1. Quality control using fastqc to determine quality thresholds.
2. Compressing files before trimming.
3. Trimming reads with [Trimmomatic](https://carpentries-lab.github.io/metagenomics-analysis/03-trimming-filtering/index.html).
4. Optional: Final QC check after trimming


## Getting Started (Run this before each step)
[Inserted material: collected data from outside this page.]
Definition pairing {n} (a : Cov n) (v : Vec n) : R :=
  \big[Rplus/0%R]_(i < n) (a i * v i)%R.

(* a linear subspace of T_q^*Q (fiber of a subbundle) *)
Definition subspace {n} (V : Cov n -> Prop) : Prop :=
  V zerov /\ (forall a b, V a -> V b -> V (addv a b)) /\
  (forall t a, V a -> V (scalev t a)).

Definition fullspace {n} : Cov n -> Prop := fun _ => True.

Definition annihilator {n} (W : Cov n -> Prop) (v : Vec n) : Prop :=
  forall a, W a -> pairing a v = 0%R.

(* Quadratic form on V: F(a) = 1/2 <a, rho^#(a)> with rho a positive-definite
   inner product on V^*. Writing B(a,b) := <a, rho^#(b)> (= rho(rho^# a, rho^# b)),
   this says: F(a) = 1/2 B(a,a) on V with B bilinear, symmetric, positive
   definite on V. *)
Definition quad_form {n} (V : Cov n -> Prop) (F : Cov n -> R) : Prop :=
  exists B : Cov n -> Cov n -> R,
    (forall a b c, V a -> V b -> V c -> B (addv a b) c = (B a c + B b c)%R) /\
    (forall t a c, V a -> V c -> B (scalev t a) c = (t * B a c)%R) /\
    (forall a b, V a -> V b -> B a b = B b a) /\
    (forall a, V a -> a <> zerov -> (0 < B a a)%R) /\
    (forall a, V a -> F a = (/2 * B a a)%R).

Definition is_fiber_deriv {n} (f : Cov n -> R) (a : Cov n) (v : Vec n) : Prop :=
  forall b : Cov n,
    derivable_pt_lim (fun t => f (addv a (scalev t b))) 0%R (pairing b v).

Definition FD {n} (f : Cov n -> R) (a : Cov n) : Vec n :=
  epsilon (inhabits (@zerov n)) (fun v => is_fiber_deriv f a v).

Definition FDinv {n} (f : Cov n -> R) (v : Vec n) : Cov n :=
  epsilon (inhabits (@zerov n)) (fun a => FD f a = v).

(* All statements are fiberwise, so this is linear algebra on R^n. A quadratic
   form F with bilinear form B, precomposed with a linear projection P, has
   fiber derivative a |-> B (P a) (P .); hence F(L o p) vanishes on What, where
   p does. The fiber derivative of Hh is a |-> BK (ph a) (ph .) + BL (p a) (p .):
   it is linear and, by positive definiteness, injective, hence bijective. It
   maps What exactly onto the annihilator of W and agrees there with F(K o ph),
   so substituting v = F Hh (s) turns the potential equation into the condition
   on What. *)
From mathcomp Require Import ssreflect ssrfun ssrbool eqtype ssrnat fintype bigop.
From Stdlib Require Import Reals ClassicalEpsilon FunctionalExtensionality Classical Lra.
From mathcomp Require Import ssralg matrix mxalgebra Rstruct.
Import GRing.Theory.

Set Implicit Arguments.
Unset Strict Implicit.

Delimit Scope ring_scope with ring.
Delimit Scope R_scope with R.
Open Scope R_scope.

Ltac vec_ring :=
  apply: functional_extensionality => ?; cbv [addv scalev zerov]; ring.

Section Vectors.
Variable n : nat.
Implicit Types (a b : Cov n) (v w : Vec n).

Definition basis (j : 'I_n) : Cov n := fun i => if i == j then 1 else 0.

Definition linear_fun (f : Cov n -> Vec n) :=
  (forall a b, f (addv a b) = addv (f a) (f b)) /\
  (forall t a, f (scalev t a) = scalev t (f a)).

Lemma pairingE a v : pairing a v = (\sum_(i < n) a i * v i)%ring.
Proof. by []. Qed.

Lemma pairing_basisl j v : pairing (basis j) v = v j.
Proof.
rewrite pairingE (bigD1 j) //= big1 /basis ?eqxx; first by rewrite mul1r addr0.
by move=> i /negbTE ->; rewrite mul0r.
Qed.

Lemma pairing_addr a v w : pairing a (addv v w) = pairing a v + pairing a w.
Proof. by rewrite !pairingE -big_split; apply: eq_bigr => i _; rewrite mulrDr. Qed.

Lemma pairing_scaler a t v : pairing a (scalev t v) = t * pairing a v.
Proof.
rewrite !pairingE; change (\sum_(i < n) a i * scalev t v i = t * \sum_(i < n) a i * v i)%ring.
rewrite mulr_sumr; apply: eq_bigr => i _.
by rewrite /scalev mulrCA.
Qed.

Lemma pairing_zeror a : pairing a zerov = 0.
Proof. by rewrite pairingE big1 // => i _; rewrite mulr0. Qed.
You will need to rerun this section each time you come back to this notebook to kick off the next step.

In [None]:
# set the variables for your netid and xfile
netid = "MY_NETID"
xfile = "MY_XFILE"

In [None]:
# Go into the working directory
work_dir = "/xdisk/bhurwitz/bh_class/" + netid + "/assignments/06_qc_trimming"
%cd $work_dir

## Creating a config file
Each of the scripts below executes code that requires certain variables to be set. So we don't need to edit the code in each of the scripts, we are going to use a config file that defines all of these variables. Then when we want to use these variables in the script, we will "source" the config file to set the variables. This is generally a good practice in writing scripts on the HPC, that makes it so you only need to modify the config file (rather than each individual script). We are going to create this file using the variables you set above in "Getting started". Note that you only need to create this config file once, even if you are returning to complete the next step.   

In [None]:
# create a config file with all of the variables you need
!echo "export NETID=$netid" > config.sh
!echo "export XFILE=$xfile" >> config.sh
!echo "export WORK_DIR=/xdisk/bhurwitz/bh_class/$netid/assignments/06_qc_trimming" >> config.sh
!echo "export FASTQ_DIR=/xdisk/bhurwitz/bh_class/$netid/assignments/05_getting_data" >> config.sh

In [None]:
# check the config file to be sure it is correct
# Is your netid and xfile correct? Do you have the right directories?
!cat config.sh

## Step 1: Assessing Read Quality

Now that we have all of our data downloaded, we are ready to start the quality control process. We will use a tool called fastqc that generates a report about the quality of our sequence data.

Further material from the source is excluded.